Your assignment: Copy each line of the entries below that contains the string "Section".

Dataset entries:
▬▬▬▬▬▬

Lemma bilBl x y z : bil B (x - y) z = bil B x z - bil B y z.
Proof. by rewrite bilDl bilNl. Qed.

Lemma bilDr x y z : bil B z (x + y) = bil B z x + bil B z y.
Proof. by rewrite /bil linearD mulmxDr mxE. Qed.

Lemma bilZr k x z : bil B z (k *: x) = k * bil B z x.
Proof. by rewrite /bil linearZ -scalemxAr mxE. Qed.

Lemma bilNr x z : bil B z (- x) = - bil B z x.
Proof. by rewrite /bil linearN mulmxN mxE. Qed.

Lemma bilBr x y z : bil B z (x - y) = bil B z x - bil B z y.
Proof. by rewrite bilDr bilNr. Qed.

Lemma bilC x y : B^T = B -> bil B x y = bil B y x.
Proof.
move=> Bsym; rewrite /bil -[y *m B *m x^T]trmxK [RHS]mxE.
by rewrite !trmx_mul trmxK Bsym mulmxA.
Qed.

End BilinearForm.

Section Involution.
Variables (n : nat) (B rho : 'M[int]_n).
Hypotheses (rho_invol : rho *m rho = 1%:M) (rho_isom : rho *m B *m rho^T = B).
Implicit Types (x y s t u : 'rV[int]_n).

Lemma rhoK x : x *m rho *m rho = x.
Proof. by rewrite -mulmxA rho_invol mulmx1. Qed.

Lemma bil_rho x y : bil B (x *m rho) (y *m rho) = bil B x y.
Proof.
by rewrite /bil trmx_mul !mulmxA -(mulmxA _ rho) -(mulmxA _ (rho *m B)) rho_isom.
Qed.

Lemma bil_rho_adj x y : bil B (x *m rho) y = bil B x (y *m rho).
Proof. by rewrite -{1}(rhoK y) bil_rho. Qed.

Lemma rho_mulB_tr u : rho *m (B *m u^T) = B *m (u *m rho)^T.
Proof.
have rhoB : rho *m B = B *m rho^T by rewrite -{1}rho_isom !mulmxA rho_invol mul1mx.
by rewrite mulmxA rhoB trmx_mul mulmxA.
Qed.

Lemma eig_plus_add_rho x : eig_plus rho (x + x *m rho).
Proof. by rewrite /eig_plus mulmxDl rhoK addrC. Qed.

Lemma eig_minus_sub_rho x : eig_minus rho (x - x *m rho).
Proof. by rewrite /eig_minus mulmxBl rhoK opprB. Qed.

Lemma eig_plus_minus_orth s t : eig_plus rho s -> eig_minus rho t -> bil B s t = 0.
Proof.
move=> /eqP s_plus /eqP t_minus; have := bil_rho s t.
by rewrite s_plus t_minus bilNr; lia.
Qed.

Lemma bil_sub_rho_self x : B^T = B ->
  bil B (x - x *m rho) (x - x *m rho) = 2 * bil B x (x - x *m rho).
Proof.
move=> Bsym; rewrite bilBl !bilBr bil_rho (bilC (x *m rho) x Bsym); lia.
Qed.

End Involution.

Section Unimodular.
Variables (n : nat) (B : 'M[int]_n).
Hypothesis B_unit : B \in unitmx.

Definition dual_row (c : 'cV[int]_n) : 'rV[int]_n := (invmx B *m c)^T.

▬▬▬▬▬▬

Finished exercise:
Section Involution.
Section Unimodular.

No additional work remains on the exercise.